Цитадель
Шрифт:
«А-а! Неужели они полузмеи?! Вводят в транс и выведывают тайны!» - озарила ее догадка.
– Долон! – она осторожно похлопала ладонью по мужской спине. – А мы куда?
– Ф-ф горот-т, – эхо разнесло зловещее шипение.
– З-зачем? – заикаясь продолжала вызнавать Тома. – И п-почему закоулками?
Он молчал.
Что в город звучало обнадеживающе, но непонятно. Тамара продолжала нервничать.
– М-можно, пойду сама. Животу больно, – жалобно попросила она, не надеясь на чудо. Однако Ло тотчас
– Ещ-щё б-хольно?
Рука с живота плавно соскользнула на поясницу и стала подниматься вверх, жадно оглаживая изгибы женского тела. С жаром дыша в ухо, прижал Тамаа к себе и начал тереться пахом о бедро, но неожиданное домогательство прекратилось так же, как и началось.
– Над-до с-спеш-ши-ить, – напомнил он и ускорил шаг.
Томка ничего не понимала.
– Почему ты так говоришь? – вкрадчиво полюбопытствовала она, дрожа в ожидании ответа.
– Люплю-ю ш-шутки, – прошипел он недовольно.
– Мне лучше молчать?
– Гховор-ри.
– Расскажи сам, что считаешь нужным.
– На С-совете Бокас-са с-станет глаф-фой. А пос-сле тф-фоей с-случ-айной ш-шалос-сти с-со с-смес-сью, ее лис-со оп-пух-хло. Укхадай, ш-што п-первым т-телом она с-сделает-т?
– Ой.
– Я ш-ше гоф-форю – ш-шалун-ньня! – он тихо рассмеялся гадким, пугающим смехом.

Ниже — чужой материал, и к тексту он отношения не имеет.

(* Let $\mathcal{G}$ be a GBS graph of groups, $w=a_0^{k_0}y_1a_1^{k_1}\cdots y_na_n^{k_n}$ a $\mathcal{G}$-factorization, and $\sim_{\mathcal{C}}$ the relation on $\{1,\dots,n\}$ defined by: $i\sim_{\mathcal{C}}j$ iff $y_i=\bar y_j$ and (if $i<j$) $\rho(w_{i,j-1})=0$ and $k_{i,j-1}\in\beta_{y_i}\mathbb{Z}$, resp. (if $j<i$) $\rho(w_{j,i-1})=0$ and $k_{j,i-1}\in\beta_{y_j}\mathbb{Z}$. Define $i\approx j$ iff $i=j$ or there exists $\ell$ with $i\sim_{\mathcal{C}}\ell$ and $\ell\sim_{\mathcal{C}}j$. Then $\approx$ is an equivalence relation on $\{1,\dots,n\}$.
   Context: $\mathcal{G}$ consists of a finite connected graph $Y$ (vertices $V(Y)$, edges $E(Y)$, maps $\iota,\tau:E(Y)\to V(Y)$, fixed-point-free involution $y\mapsto\bar y$ with $\iota(\bar y)=\tau(y)$) and integers $\alpha_y,\beta_y\in\mathbb{Z}\setminus\{0\}$ with $\alpha_y=\beta_{\bar y}$. A $\mathcal{G}$-factorization is a word $a_0^{k_0}y_1a_1^{k_1}\cdots y_na_n^{k_n}$ with $\iota(y_i)=a_{i-1}$, $\tau(y_i)=a_i$, $a_n=a_0$, $k_i\in\mathbb{Z}$. For $0\le i\le j\le n$: $w_{i,j}=a_i^{k_i}y_{i+1}\cdots y_ja_j^{k_j}$ and $k_{i,j}=\sum_{\nu=i}^{j}k_\nu\prod_{\mu=i+1}^{\nu}\alpha_{y_\mu}/\beta_{y_\mu}\in\mathbb{Q}$. Fix an orientation $D\subseteq E(Y)$ (one of $y,\bar y$ for each edge); $\rho$ maps words additively to $\mathbb{Z}^D$ with $\rho(a^k)=0$, $\rho(y)=e_y$, $\rho(\bar y)=-e_y$ for $y\in D$. *)

From HB Require Import structures.
From mathcomp Require Import all_boot all_order all_algebra.
Set Implicit Arguments. Unset Strict Implicit. Unset Printing Implicit Defensive.
Import Order.TTheory GRing.Theory Num.Theory.
Local Open Scope ring_scope.

Record GBS := {
  V : finType;
  E : finType;
  iota : E -> V;
  tau : E -> V;
  bar : E -> E;
  alpha : E -> int;
  beta : E -> int;
  bar_inv : forall y, bar (bar y) = y;
  bar_nofix : forall y, bar y != y;
  iota_bar : forall y, iota (bar y) = tau y;
  connected : forall u v : V,
    connect (fun u v => [exists e, (iota e == u) && (tau e == v)]) u v;
  alpha_nz : forall y, alpha y != 0;
  beta_nz : forall y, beta y != 0;
  alpha_beta_bar : forall y, alpha y = beta (bar y)
}.

Definition orientation (G : GBS) (D : {pred E G}) : Prop :=
  forall y : E G, (y \in D) != (bar y \in D).

(* A G-factorization a_0^{k_0} y_1 a_1^{k_1} ... y_n a_n^{k_n}, encoded by
   a : nat -> V (indices 0..n), y : nat -> E (indices 1..n),
   k : nat -> int (indices 0..n). *)
Definition factorization (G : GBS) (n : nat) (a : nat -> V G)
    (y : nat -> E G) : Prop :=
  (forall i, (1 <= i <= n)%N -> iota (y i) = a i.-1 /\ tau (y i) = a i)
  /\ a n = a 0%N.

(* rho(w_{i,j}) in Z^D (coordinates outside D set to 0): for d in D, the
   number of occurrences of d minus that of bar d among y_{i+1},...,y_j. *)
Definition rho_w (G : GBS) (D : {pred E G}) (y : nat -> E G) (i j : nat)
  : {ffun E G -> int} :=
  [ffun d => if d \in D then
      \sum_(i.+1 <= m < j.+1) ((y m == d)%:Z - (y m == bar d)%:Z)
    else 0].

Definition kq (G : GBS) (y : nat -> E G) (k : nat -> int) (i j : nat) : rat :=
  \sum_(i <= nu < j.+1)
     ((k nu)%:~R * \prod_(i.+1 <= mu < nu.+1)
                    ((alpha (y mu))%:~R / (beta (y mu))%:~R)).

Definition in_multZ (q : rat) (b : int) : Prop := exists z : int, q = (b * z)%:~R.

Definition simC (G : GBS) (D : {pred E G}) (y : nat -> E G) (k : nat -> int)
    (i j : nat) : Prop :=
  y i = bar (y j) /\
  (((i < j)%N /\ rho_w D y i j.-1 = 0 /\ in_multZ (kq y k i j.-1) (beta (y i)))
   \/
   ((j < i)%N /\ rho_w D y j i.-1 = 0 /\ in_multZ (kq y k j i.-1) (beta (y j)))).

Definition approxC (G : GBS) (D : {pred E G}) (n : nat) (y : nat -> E G)
    (k : nat -> int) (i j : nat) : Prop :=
  i = j \/ exists l, (1 <= l <= n)%N /\ simC D y k i l /\ simC D y k l j.

From mathcomp Require Import all_boot all_order all_algebra.
From mathcomp Require Import ring.
Set Implicit Arguments. Unset Strict Implicit. Unset Printing Implicit Defensive.
Import Order.TTheory GRing.Theory Num.Theory.
Local Open Scope ring_scope.

(* Read everything through prefixes of w.  With R p = rho(w_{0,p}), P p the
   product of alpha/beta along y_1 ... y_p, and X p = sum_{nu<p} k_nu P nu,
   one has k_{i,l-1} P i = X l - X i, so for i < l the condition i ~_C l says
   y_i = bar y_l, R i = R (l-1) and X l / P (l-1) - X i / P i lies in
   beta_{y_i} Z.  As P p only depends on R p, this condition is symmetric in
   i and l (rescaling by alpha/beta turns beta_{y_i} Z into alpha_{y_i} Z =
   beta_{y_l} Z), and links a ~ b ~ c ~ d compose to a ~ d, the divisibility
   conditions adding up.  Such a three-step transitivity of a symmetric
   relation is exactly what makes its "square" approx transitive. *)

Section TwoStepClosure.

Variables (T : Type) (S : T -> Prop) (r : T -> T -> Prop).

Definition two_step (x z : T) : Prop :=
  x = z \/ exists l, S l /\ r x l /\ r l z.

Hypothesis r_sym : forall x z, S x -> S z -> r x z -> r z x.
Hypothesis r_trans3 : forall a b c d, S a -> S b -> S c -> S d ->
  r a b -> r b c -> r c d -> r a d.

Lemma two_step_sym x z : S x -> S z -> two_step x z -> two_step z x.
Proof.
move=> Sx Sz [->|[l [Sl [rxl rlz]]]]; first by left.
by right; exists l; split=> //; split; apply: r_sym.
Qed.

Lemma two_step_trans x z w : S x -> S z -> S w ->
  two_step x z -> two_step z w -> two_step x w.
Proof.
move=> Sx Sz Sw [->//|[l [Sl [rxl rlz]]]] [<-|[m [Sm [rzm rmw]]]].
  by right; exists l.
by right; exists m; split=> //; split=> //; exact: (r_trans3 Sx Sl Sz Sm rxl rlz rzm).
Qed.

End TwoStepClosure.

Lemma in_multZD q1 q2 b :
  in_multZ q1 b -> in_multZ q2 b -> in_multZ (q1 + q2) b.
Proof. by move=> [z1 ->] [z2 ->]; exists (z1 + z2); rewrite mulrDr rmorphD. Qed.

Lemma in_multZN q b : in_multZ q b -> in_multZ (- q) b.
Proof. by move=> [z ->]; exists (- z); rewrite mulrN rmorphN. Qed.

Lemma in_multZ_rescale q a b : b != 0 ->
  in_multZ q b -> in_multZ (q * (a%:~R / b%:~R)) a.
Proof.
move=> b0 [z ->]; exists z; rewrite !rmorphM /=.
by field; rewrite intr_eq0.
Qed.

Section Ratios.

Variable G : GBS.

Definition ratio (e : E G) : rat := (alpha e)%:~R / (beta e)%:~R.

Lemma ratio_neq0 e : ratio e != 0.
Proof. by rewrite /ratio mulf_neq0 ?invr_eq0 ?intr_eq0 ?alpha_nz ?beta_nz. Qed.

Lemma ratio_bar e : ratio (bar e) = (ratio e)^-1.
Proof. by rewrite /ratio alpha_beta_bar bar_inv -alpha_beta_bar invfM invrK mulrC. Qed.

Lemma bar_inj : injective (@bar G).
Proof. exact: can_inj (@bar_inv G). Qed.

Variable D : {pred E G}.

Definition rho_edge (e : E G) : {ffun E G -> int} :=
  [ffun d => if d \in D then (e == d)%:Z - (e == bar d)%:Z else 0].

Lemma rho_edge_bar e : rho_edge (bar e) = - rho_edge e.
Proof.
apply/ffunP => d; rewrite !ffunE (inj_eq bar_inj) -(inj_eq bar_inj) bar_inv.
by case: (d \in D); rewrite ?opprB ?oppr0.
Qed.

Definition ratio_monomial (v : {ffun E G -> int}) : rat :=
  \prod_(d in D) ratio d ^ v d.

Lemma ratio_monomial0 : ratio_monomial 0 = 1.
Proof. by rewrite /ratio_monomial big1 // => d _; rewrite ffunE expr0z. Qed.

Lemma ratio_monomialD v w :
  ratio_monomial (v + w) = ratio_monomial v * ratio_monomial w.
Proof.
rewrite /ratio_monomial -big_split; apply: eq_bigr => d _.
by rewrite ffunE expfzDr ?ratio_neq0.
Qed.

Lemma ratio_monomial_edge e : orientation D -> ratio_monomial (rho_edge e) = ratio e.
Proof.
move=> hD; have e_bar : (e == bar e) = false by rewrite eq_sym (negbTE (bar_nofix e)).
wlog eD : e e_bar / e \in D => [hwlog|].
  case eD: (e \in D); first exact: hwlog.
  have bD : bar e \in D by move: (hD e); rewrite eD; case: (bar e \in D).
  rewrite -[e]bar_inv rho_edge_bar ratio_bar -hwlog ?bar_inv //; last by rewrite eq_sym.
  rewrite /ratio_monomial -prodfV; apply: eq_bigr => d _.
  by rewrite ffunE invr_expz.
rewrite /ratio_monomial (bigD1 e) //= big1 ?mulr1 => [|d /andP [dD de]].
  by rewrite ffunE eD eqxx e_bar expr1z.
rewrite ffunE dD eq_sym (negbTE de); case: eqP => [ed|]; last by rewrite expr0z.
by move: (hD d); rewrite -ed dD eD.
Qed.

End Ratios.

Section Prefixes.

Variables (G : GBS) (D : {pred E G}) (y : nat -> E G) (k : nat -> int).

Local Notation R := (rho_w D y 0).

Definition prefix_ratio (p : nat) : rat := \prod_(1 <= mu < p.+1) ratio (y mu).

Local Notation P := prefix_ratio.

Definition weighted_sum (p : nat) : rat := \sum_(0 <= nu < p) (k nu)%:~R * P nu.

Local Notation X := weighted_sum.

Definition gap (i l : nat) : rat := X l / P l.-1 - X i / P i.

Lemma rho_w_prefix i j : (i <= j)%N -> rho_w D y i j = R j - R i.
Proof.
move=> ij; apply/ffunP => d; rewrite !ffunE; case: (d \in D); last by rewrite subr0.
by rewrite [in RHS](big_cat_nat _ (n := i.+1)) //=; ring.
Qed.

Lemma rho_prefix_pred p : (0 < p)%N -> R p = R p.-1 + rho_edge D (y p).
Proof.
case: p => // p _; apply/ffunP => d; rewrite !ffunE.
by case: (d \in D); rewrite ?addr0 // big_nat_recr.
Qed.

Lemma prefix_ratio_pred p : (0 < p)%N -> P p = P p.-1 * ratio (y p).
Proof. by case: p => // p _; rewrite /P big_nat_recr. Qed.

Lemma prefix_ratio_neq0 p : P p != 0.
Proof. by rewrite prodf_seq_neq0; apply/allP => mu _; apply: ratio_neq0. Qed.

Hypothesis hD : orientation D.

Lemma prefix_ratio_rho p : P p = ratio_monomial D (R p).
Proof.
elim: p => [|p IHp].
  by rewrite /P big_geq // rho_w_prefix // subrr ratio_monomial0.
by rewrite prefix_ratio_pred // rho_prefix_pred // ratio_monomialD IHp
  ratio_monomial_edge.
Qed.

Lemma kq_prefix i j : (i <= j)%N -> kq y k i j * P i = X j.+1 - X i.
Proof.
move=> ij; rewrite /X [X in X - _](big_cat_nat _ (n := i) (p := j.+1)) //=; last by rewrite ltnW.
rewrite addrAC subrr add0r /kq mulr_suml; apply: eq_big_nat => nu /andP [inu _].
rewrite -mulrA [RHS]mulrC mulrC; congr (_ * _).
by rewrite mulrC; symmetry; apply: big_cat_nat.
Qed.

Lemma kq_gap i l : (i < l)%N -> P i = P l.-1 -> kq y k i l.-1 = gap i l.
Proof.
move=> il Pil; have il1 : (i <= l.-1)%N by rewrite -ltnS prednK // (leq_ltn_trans _ il).
have := kq_prefix il1; rewrite prednK ?(leq_ltn_trans _ il) // => kqE.
by rewrite /gap -Pil -mulrBl -kqE mulfK ?prefix_ratio_neq0.
Qed.

Lemma gap_swap i l : (0 < i)%N -> P i = P l.-1 -> P i.-1 = P l ->
  gap l i = - (gap i l * ratio (y i)).
Proof.
move=> i0 Pil Pil'; rewrite /gap -Pil -Pil' (prefix_ratio_pred i0) /ratio.
have := prefix_ratio_neq0 i.-1; have := ratio_neq0 (y i); rewrite /ratio.
have := alpha_nz (y i); have := beta_nz (y i); rewrite -!(intr_eq0 rat) => b0 a0 _ P0.
by field; apply/and3P.
Qed.

Definition linked (i l : nat) : Prop :=
  [/\ y i = bar (y l), R i = R l.-1 & in_multZ (gap i l) (beta (y i))].

Lemma linked_rho_pred i l : (0 < i)%N -> (0 < l)%N ->
  y i = bar (y l) -> R i = R l.-1 -> R i.-1 = R l.
Proof.
move=> i0 l0 yil Ril; rewrite (rho_prefix_pred l0) -Ril (rho_prefix_pred i0) yil.
by rewrite rho_edge_bar subrK.
Qed.

Lemma linked_sym i l : (0 < i)%N -> (0 < l)%N -> linked i l -> linked l i.
Proof.
move=> i0 l0 [yil Ril gil]; have Ril' := linked_rho_pred i0 l0 yil Ril.
split; first by rewrite yil bar_inv.
  by rewrite Ril'.
rewrite (gap_swap i0) ?prefix_ratio_rho ?Ril ?Ril' //.
have -> : beta (y l) = alpha (y i) by rewrite alpha_beta_bar yil bar_inv.
by apply: in_multZN; apply: in_multZ_rescale; rewrite ?beta_nz.
Qed.

Lemma linked_trans3 a b c d : (0 < b)%N -> (0 < c)%N ->
  linked a b -> linked b c -> linked c d -> linked a d.
Proof.
move=> b0 c0 lab lbc [ycd Rcd gcd]; have [ybc Rbc _] := lbc.
have [_ _ gcb] := linked_sym b0 c0 lbc; case: lab => [yab Rab gab].
have yac : y a = y c by rewrite yab ybc bar_inv.
split; first by rewrite yac.
  by rewrite Rab (linked_rho_pred b0 c0 ybc Rbc).
have -> : gap a d = gap c d + (- gap c b + gap a b) by rewrite /gap; ring.
by rewrite yac; apply: in_multZD => //; apply: in_multZD; [apply: in_multZN|rewrite -yac].
Qed.

Lemma linked_lt i l : (i < l)%N -> linked i l <->
  [/\ y i = bar (y l), rho_w D y i l.-1 = 0 & in_multZ (kq y k i l.-1) (beta (y i))].
Proof.
move=> il; have il1 : (i <= l.-1)%N by rewrite -ltnS prednK // (leq_ltn_trans _ il).
rewrite rho_w_prefix //; split=> [[yil Ril gil]|[yil /eqP Ril kil]].
  by rewrite Ril subrr kq_gap ?prefix_ratio_rho ?Ril.
move: Ril; rewrite subr_eq0 eq_sym => /eqP Ril.
by split; rewrite // -kq_gap ?prefix_ratio_rho ?Ril.
Qed.

Lemma simC_linked i l : (0 < i)%N -> (0 < l)%N -> simC D y k i l <-> linked i l.
Proof.
move=> i0 l0; split=> [[yil [[il [ril kil]]|[li [rli kli]]]]|lil].
- by apply/(linked_lt il); split.
- by apply: linked_sym => //; apply/(linked_lt li); split; rewrite ?yil ?bar_inv.
case: (ltngtP i l) => [il|li|eil].
- by case/(linked_lt il): lil => yil ril kil; split=> //; left.
- have [yil _ _] := lil.
  by case/(linked_lt li): (linked_sym i0 l0 lil) => _ ril kil; split=> //; right.
- by case: lil => yil; move: (bar_nofix (y l)); rewrite -yil eil eqxx.
Qed.

End Prefixes.

Theorem lemma3p5 (G : GBS) (D : {pred E G}) (hD : orientation D)
    (n : nat) (a : nat -> V G) (y : nat -> E G) (k : nat -> int)
    (hf : factorization n a y) :
  (forall i, (1 <= i <= n)%N -> approxC D n y k i i) /\
  (forall i j, (1 <= i <= n)%N -> (1 <= j <= n)%N ->
     approxC D n y k i j -> approxC D n y k j i) /\
  (forall i j l, (1 <= i <= n)%N -> (1 <= j <= n)%N -> (1 <= l <= n)%N ->
     approxC D n y k i j -> approxC D n y k j l -> approxC D n y k i l).
Proof.
pose S l := (1 <= l <= n)%N.
have simC_sym i l : S i -> S l -> simC D y k i l -> simC D y k l i.
  move=> /andP [i0 _] /andP [l0 _].
  by rewrite !(simC_linked y k hD) //; apply: linked_sym.
have simC_trans3 b c d e : S b -> S c -> S d -> S e ->
    simC D y k b c -> simC D y k c d -> simC D y k d e -> simC D y k b e.
  move=> /andP [b0 _] /andP [c0 _] /andP [d0 _] /andP [e0 _].
  rewrite !(simC_linked y k hD) //; exact: (linked_trans3 hD).
split; first by move=> i _; left.
split; first exact: (two_step_sym simC_sym).
exact: (two_step_trans simC_trans3).
Qed.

Тамаре казалось, что это не Долон, а кто-то другой. Голос был не его, смех.
– Думаешь, она не найдет?
– Я не п-пряч-чу теп-пя, а от-таляю. Ш-топ-пы неп-поват-тно п-пыло. Т-ты не с-сотф-форила нич-чего х-худоф-во.
– Мне все равно страшно. Особенно за тебя. И за себя.
– Пок-ха в-видес-са не б-будем.
– Долго? – огорошенная неприятной новостью Тома остановилась.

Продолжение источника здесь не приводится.